Question about General and DAPT test of Knowledge Prob score at BioMed.

kuailehaha commented 2 months ago

Hi. I'm a student following your work "Adapting LLM via Reading Comprehension". I try to replicate the knowledge probing test. I process the dataset from medmcqa with regex pattern = r"^(What|When|Who)[^\n]*|[:?-]$|__" according to the paper. The train.json got 59348 data entries while the dev.json got 1103. But I can‘t replicate the score 36.5 over General LLM Llama-7B and 36.9 over my DAPT LLM. They scored approximately 32 points based on accuracy and 35 based on average accuracy over 21 subjects. Could you please provide more details for Knowledge Probing test? Thanks!

cdxeve commented 2 months ago

Hi, I used the following script to preprocess each subject based on the MedMCQA training split.

And I have just uploaded the pre-processed evaluation splits on HuggingFace, so you can directly download them now: med_knowledge_prob and law_knowledge_prob.

For the evaluation score, I counted the final score by 'average accuracy over 21 subjects' as you did. Regarding the final score, I think it's acceptable to have some absolute score differences as long as the relative trend between the General LLM and the LLM after DAPT remains consistent.
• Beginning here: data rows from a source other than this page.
(* Consider the anti-coordination game ($\mathcal V_a=\mathcal V$). (1) If $x^*$ is a Nash equilibrium and $z^*=z(x^* )$, then for every $\epsilon_a\in(\tfrac1n,\tfrac2n]$, $$G_a\!\left(\tfrac{n}{n-1}(z^*-\epsilon_a)\right)\ \ge\ z^*\ \ge\ G_a\!\left(\tfrac{n}{n-1}z^*\right).$$ (2) Conversely, if $z^*\in\{0,\tfrac1n,\dots,1\}$ satisfies these inequalities for every $\epsilon_a\in(\tfrac1n,\tfrac2n]$, then there exists a Nash equilibrium $x^*$ with $z(x^* )=z^*$.
   Context: Let $\mathcal V$ be a finite set of $n\ge2$ agents, all anti-coordinating. Given real weights $d_i$, the anti-coordination game has action set $\{-1,+1\}$, configuration space $\mathcal X=\{-1,+1\}^{\mathcal V}$ and utilities $u_i(x)=-\big(\sum_{j\neq i}x_ix_j-d_ix_i\big)$. A (pure) Nash equilibrium is an $x\in\mathcal X$ with $u_i(x)\ge u_i(y_i,x_{-i})$ for all $i$ and $y_i\in\{-1,+1\}$. Thresholds: $r_i=\tfrac12+\tfrac{d_i}{2(n-1)}$. For $x\in\mathcal X$, $z(x)=\frac1n|\{i: x_i=+1\}|$. The threshold complementary CDF is $G_a(t)=\frac1n|\{i\in\mathcal V: r_i> t\}|$, $t\in\mathbb R$. *)

From HB Require Import structures.
From mathcomp Require Import all_boot all_order all_algebra.
Set Implicit Arguments. Unset Strict Implicit. Unset Printing Implicit Defensive.
Import Order.TTheory GRing.Theory Num.Theory.
Local Open Scope ring_scope.

(* Agents are 'I_n.  An action is a bool: true = +1, false = -1. *)
Definition spin (R : numDomainType) (b : bool) : R := if b then 1 else -1.

Definition upd (n : nat) (x : 'I_n -> bool) (i : 'I_n) (y : bool) : 'I_n -> bool :=
  fun j => if j == i then y else x j.

Definition utility (R : numDomainType) (n : nat) (d : 'I_n -> R)
  (x : 'I_n -> bool) (i : 'I_n) : R :=
  - (\sum_(j < n | j != i) spin R (x i) * spin R (x j) - d i * spin R (x i)).

Definition nash (R : numDomainType) (n : nat) (d : 'I_n -> R) (x : 'I_n -> bool) : Prop :=
  forall (i : 'I_n) (y : bool), utility d (upd x i y) i <= utility d x i.

Definition thr (R : numFieldType) (n : nat) (d : 'I_n -> R) (i : 'I_n) : R :=
  2^-1 + d i / (2 * (n.-1)%:R).

Definition zfrac (R : numFieldType) (n : nat) (x : 'I_n -> bool) : R :=
  #|[set i | x i]|%:R / n%:R.

Definition Ga (R : realFieldType) (n : nat) (d : 'I_n -> R) (t : R) : R :=
  #|[set i | t < thr d i]|%:R / n%:R.

From HB Require Import structures.
From mathcomp Require Import all_boot all_order all_algebra.
From mathcomp Require Import zify ring lra.
Import Order.TTheory GRing.Theory Num.Theory.
Local Open Scope ring_scope.

(* With k the number of +1 players and m_i := (n-1) + d_i = 2 (n-1) r_i,
   agent i faces the opponent sum 2k - n - x_i, so a +1 agent is content iff
   m_i >= 2k - 2 and a -1 agent iff m_i <= 2k.  Rescaled, the two inequalities
   on G_a say #{m_i > 2k - 2 n eps} >= k and #{m_i > 2k} <= k; in an
   equilibrium the +1 agents lie in the first set (as n eps > 1) and contain
   the second, which gives (1).  Conversely, only finitely many m_i lie below
   2k - 2, so some eps in (1/n, 2/n] puts 2k - 2 n eps in the gap just below
   it, whence #{m_i >= 2k - 2} >= k; any k-set squeezed between the two sets
   is the +1 set of an equilibrium. *)

Lemma exists_subset_card {T : finType} (A : {set T}) m :
  (m <= #|A|)%N -> exists2 S : {set T}, S \subset A & #|S| = m.
Proof.
move=> mA; exists [set x in take m (enum A)].
  by apply/subsetP=> x; rewrite inE => /mem_take; rewrite mem_enum.
rewrite cardsE; have /card_uniqP := take_uniq m (enum_uniq (mem A)).
by rewrite size_takel -?cardE.
Qed.

Lemma exists_between_card {T : finType} (A B : {set T}) k :
  B \subset A -> (#|B| <= k <= #|A|)%N ->
  exists S : {set T}, [/\ B \subset S, S \subset A & #|S| = k].
Proof.
move=> BA /andP[Bk kA].
have [|S' S'AB cardS'] := exists_subset_card (A :\: B) (k - #|B|).
  by rewrite cardsD (setIidPr BA) leq_sub2r.
have BS'0 : B :&: S' = set0.
  apply/setP=> x; rewrite !inE; apply/andP=> -[xB xS'].
  by move: (subsetP S'AB x xS'); rewrite !inE xB.
exists (B :|: S'); split; first exact: subsetUl.
  by rewrite subUset BA (subset_trans S'AB) ?subsetDl.
by rewrite cardsU BS'0 cards0 cardS' subn0 subnKC.
Qed.

Lemma exists_gap_below {R : realDomainType} {T : finType} (f : T -> R) (c e : R) :
  0 < e -> exists c', [/\ c - e <= c', c' < c & forall i, c' < f i -> c <= f i].
Proof.
move=> e_gt0; exists (\big[Order.max/(c - e)]_(i | f i < c) f i); split.
- exact: bigmax_ge_id.
- by apply: bigmax_lt => //; lra.
- move=> i lt_i; rewrite leNgt; apply/negP => fi_lt.
  by have := @le_bigmax_cond _ _ _ (c - e) _ (fun j => f j < c) f fi_lt; rewrite leNgt lt_i.
Qed.

Lemma sum_spin (R : numDomainType) n (x : 'I_n -> bool) :
  \sum_j spin R (x j) = 2 * #|[set j | x j]|%:R - n%:R.
Proof.
rewrite (bigID x) /= (eq_bigr (fun=> 1)) => [|j ->//].
rewrite [X in _ + X](eq_bigr (fun=> -1)) => [|j /negbTE ->//].
have nE : n%:R = #|x|%:R + #|[predC x]|%:R :> R by rewrite -natrD cardC card_ord.
by rewrite !sumr_const cardsE nE mulNrn; ring.
Qed.

Section AntiCoordination.
Variables (R : realFieldType) (n : nat) (d : 'I_n -> R).
Hypothesis n_ge2 : (2 <= n)%N.

Local Notation nR := (n%:R : R).
Local Notation N := ((n.-1)%:R : R).
Local Notation opp_sum x i := (\sum_(j < n | j != i) spin R (x j)).

Lemma utilityE x i : utility d x i = spin R (x i) * (d i - opp_sum x i).
Proof. by rewrite /utility -mulr_sumr mulrBr opprB [d i * _]mulrC. Qed.

Lemma utility_updE x i y : utility d (upd x i y) i = spin R y * (d i - opp_sum x i).
Proof.
rewrite /utility /upd eqxx (eq_bigr (fun j => spin R y * spin R (x j))).
  by rewrite -mulr_sumr mulrBr opprB [d i * _]mulrC.
by move=> j /negbTE ->.
Qed.

Lemma nash_best_responseE x :
  nash d x <-> forall i, if x i then opp_sum x i <= d i else d i <= opp_sum x i.
Proof.
split=> [xN i | xbest i y].
  by have := xN i (~~ x i); rewrite utility_updE utilityE; case: (x i); rewrite /spin /=; lra.
by rewrite utility_updE utilityE; have := xbest i; case: (x i); case: y; rewrite /spin /=; lra.
Qed.

Lemma opp_sumE x i : opp_sum x i = 2 * #|[set j | x j]|%:R - nR - spin R (x i).
Proof. by rewrite -sum_spin [\sum_(j < n) _](bigD1 i) //= addrC addrK. Qed.

Lemma nash_countE x :
  nash d x <-> forall i, let k := #|[set j | x j]|%:R in
    if x i then 2 * k - 2 <= N + d i else N + d i <= 2 * k.
Proof.
rewrite nash_best_responseE; split=> xbest i /=;
  have nE : nR = N + 1 by rewrite natr1 prednK // (leq_ltn_trans _ (ltn_ord i)).
all: by have := xbest i; rewrite opp_sumE; case: (x i); rewrite /spin /=; lra.
Qed.

Definition score_gt (c : R) : {set 'I_n} := [set i | c < N + d i].
Definition score_ge (c : R) : {set 'I_n} := [set i | c <= N + d i].

Let nR_gt0 : 0 < nR. Proof. by rewrite ltr0n; lia. Qed.
Let N_gt0 : 0 < N. Proof. by rewrite ltr0n; lia. Qed.

Lemma Ga_scaledE a : Ga d (nR / N * (a / nR)) = #|score_gt (2 * a)|%:R / nR.
Proof.
rewrite /Ga; congr (_%:R / _); apply: eq_card => i; rewrite !inE /thr.
have -> : nR / N * (a / nR) = 2 * a / (2 * N) by field; rewrite !lt0r_neq0.
have -> : 2^-1 + d i / (2 * N) = (N + d i) / (2 * N) by field; rewrite lt0r_neq0.
by rewrite ltr_pM2r // invr_gt0 mulr_gt0.
Qed.

Lemma ler_div_nR (a b : nat) : (a%:R / nR <= b%:R / nR) = (a <= b)%N.
Proof. by rewrite ler_pM2r ?invr_gt0 // ler_nat. Qed.

Lemma Ga_lowerE (k : nat) e :
  (k%:R / nR <= Ga d (nR / N * (k%:R / nR - e))) =
  (k <= #|score_gt (2 * (k%:R - nR * e))|)%N.
Proof.
rewrite (_ : k%:R / nR - e = (k%:R - nR * e) / nR) ?Ga_scaledE ?ler_div_nR //.
by field; rewrite lt0r_neq0.
Qed.

Lemma Ga_upperE (k : nat) :
  (Ga d (nR / N * (k%:R / nR)) <= k%:R / nR) = (#|score_gt (2 * k%:R)| <= k)%N.
Proof. by rewrite Ga_scaledE ler_div_nR. Qed.

Lemma eps_gtE e : (nR^-1 < e) = (1 < nR * e).
Proof. by rewrite -[nR^-1]mulr1 ltr_pdivrMl. Qed.

Lemma eps_leE e : (e <= 2 / nR) = (nR * e <= 2).
Proof. by rewrite mulrC ler_pdivlMl. Qed.

Lemma mul_nR_divK s : nR * (s / nR) = s.
Proof. by rewrite mulrC divfK // lt0r_neq0. Qed.

Lemma exists_nash_count (k : nat) :
  (#|score_gt (2 * k%:R)| <= k <= #|score_ge (2 * k%:R - 2)|)%N ->
  exists x, nash d x /\ #|[set j | x j]| = k.
Proof.
move=> k_bounds.
have gt_ge : score_gt (2 * k%:R) \subset score_ge (2 * k%:R - 2).
  by apply/subsetP=> i; rewrite !inE; lra.
have [S [gtS Sge cardS]] := exists_between_card _ _ _ gt_ge k_bounds.
exists (fun i => i \in S); split; last by rewrite cardsE.
apply/nash_countE=> i /=; rewrite cardsE cardS; case: ifP => iS.
  by move: (subsetP Sge i iS); rewrite inE.
have : i \notin score_gt (2 * k%:R) by apply: contraFN iS => /(subsetP gtS).
by rewrite inE -leNgt.
Qed.

Lemma Ga_lower_card_score_ge (k : nat) :
  (forall e, nR^-1 < e -> e <= 2 / nR -> k%:R / nR <= Ga d (nR / N * (k%:R / nR - e))) ->
  (k <= #|score_ge (2 * k%:R - 2)|)%N.
Proof.
move=> Ga_lower.
have [c [c_ge c_lt gap]] := exists_gap_below (fun i => N + d i) (2 * k%:R - 2) 2 (ltr0Sn _ 1).
pose e := (k%:R - c / 2) / nR.
have e_gt : nR^-1 < e by rewrite eps_gtE mul_nR_divK; lra.
have e_le : e <= 2 / nR by rewrite eps_leE mul_nR_divK; lra.
have := Ga_lower e e_gt e_le; rewrite Ga_lowerE mul_nR_divK => /leq_trans; apply.
apply/subset_leq_card/subsetP=> i; rewrite !inE.
by rewrite (_ : 2 * (k%:R - (k%:R - c / 2)) = c); [exact: gap | field].
Qed.

End AntiCoordination.

Arguments score_gt {R n} d c.
Arguments score_ge {R n} d c.

Theorem corollary2 (R : realFieldType) (n : nat) (hn : (2 <= n)%N) (d : 'I_n -> R) :
  (forall x : 'I_n -> bool, nash d x ->
     forall eps : R, n%:R^-1 < eps -> eps <= 2 / n%:R ->
       zfrac R x <= Ga d (n%:R / (n.-1)%:R * (zfrac R x - eps)) /\
       Ga d (n%:R / (n.-1)%:R * zfrac R x) <= zfrac R x)
  /\
  (forall k : nat, (k <= n)%N ->
     (forall eps : R, n%:R^-1 < eps -> eps <= 2 / n%:R ->
        k%:R / n%:R <= Ga d (n%:R / (n.-1)%:R * (k%:R / n%:R - eps)) /\
        Ga d (n%:R / (n.-1)%:R * (k%:R / n%:R)) <= k%:R / n%:R) ->
     exists x : 'I_n -> bool, nash d x /\ zfrac R x = k%:R / n%:R).
Proof.
split=> [x /nash_countE x_nash e | k _ eps_bounds].
  rewrite eps_gtE // eps_leE // => e_gt e_le.
  rewrite /zfrac Ga_lowerE // Ga_upperE //.
  split; apply/subset_leq_card/subsetP=> i; rewrite !inE; have := x_nash i;
    by case: (x i) => //= ? ?; lra.
have upper : (#|score_gt d (2 * k%:R)| <= k)%N.
  have e_gt : n%:R^-1 < 2 / n%:R :> R by rewrite eps_gtE // mul_nR_divK //; lra.
  by have [_] := eps_bounds _ e_gt (lexx _); rewrite Ga_upperE.
have lower : (k <= #|score_ge d (2 * k%:R - 2)|)%N.
  by apply: Ga_lower_card_score_ge => // e e_gt e_le; have [] := eps_bounds e e_gt e_le.
have [x [x_nash cardx]] : exists x, nash d x /\ #|[set j | x j]| = k.
  by apply: exists_nash_count; rewrite upper lower.
by exists x; rewrite /zfrac cardx.
Qed.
I hope this helps!

"""
usage:
python preprocess_knowledge_probing.py \
    --train_set './train.json' \
    --output_dir './MedMCQA_Know_Prob' \
    --random_seed 0
"""

import argparse
import json
import json_lines
import jsonlines
import os
import random

parser = argparse.ArgumentParser()
parser.add_argument('--train_set', type=str, help='path to the `train.json` of medmacqa', default='./train.json')
parser.add_argument('--output_dir', type=str, help='directory for saving the splits.', default='./MedMCQA_Know_Prob')
parser.add_argument('--random_seed', type=int, default=0, help='random seed for shuffling the processed data')

args = parser.parse_args()

def read_jsonl(path):
    data = []
    with open(path, 'rb') as f:
        for entry in json_lines.reader(f):
            data.append(entry)
    return data

data = read_jsonl(args.train_set)

def filter(entry):
    # 1. to fix an issue with the dataset, see https://github.com/medmcqa/medmcqa/issues/4
    if entry["choice_type"] == "multi":
        return False 

    # 2. remove those in the instruction-following format, such as question-answer pairs starting with `which`
    question_marks=['which', 'what', 'when', 'where', 'how', 'who', 'why', '__', ':', '?', '-', '–']
    for mark in question_marks:
        if mark in entry['question'].lower():
            return False
    return True

filtered_data = [x for x in data if filter(x)==True]
print(f'filtered_data length={len(filtered_data)}')

SUBJECTS= ['Anaesthesia', 'Anatomy', 'Biochemistry', 'Dental', 'ENT', 
            'Forensic Medicine', 'Gynaecology & Obstetrics', 'Medicine', 'Microbiology', 'Ophthalmology',
            'Orthopedics', 'Pathology', 'Pediatrics', 'Pharmacology', 'Physiology',
            'Psychiatry', 'Radiology', 'Skin', 'Social & Preventive Medicine', 'Surgery',
            'Unknown']
def save_jsonl(docs, out_path):
    if os.path.isfile(out_path): 
        os.remove(out_path)
    with jsonlines.open(out_path,mode='a') as writer:
        for doc in docs:
            writer.write(doc)
    print('saved jsonl to: ', out_path)

all_counts=0
for sub in SUBJECTS:
    sub_data = []
    for entry in filtered_data:
        if entry["subject_name"] == sub or entry['topic_name'] == sub:
            sub_data.append(entry)
    print(f'{sub} data length = {len(sub_data)}')
    all_counts += len(sub_data)
    random.Random(args.random_seed).shuffle(sub_data) # shuffle the data order, this is optional
    save_jsonl(sub_data, os.path.join(args.output_dir, f'{sub}.jsonl'))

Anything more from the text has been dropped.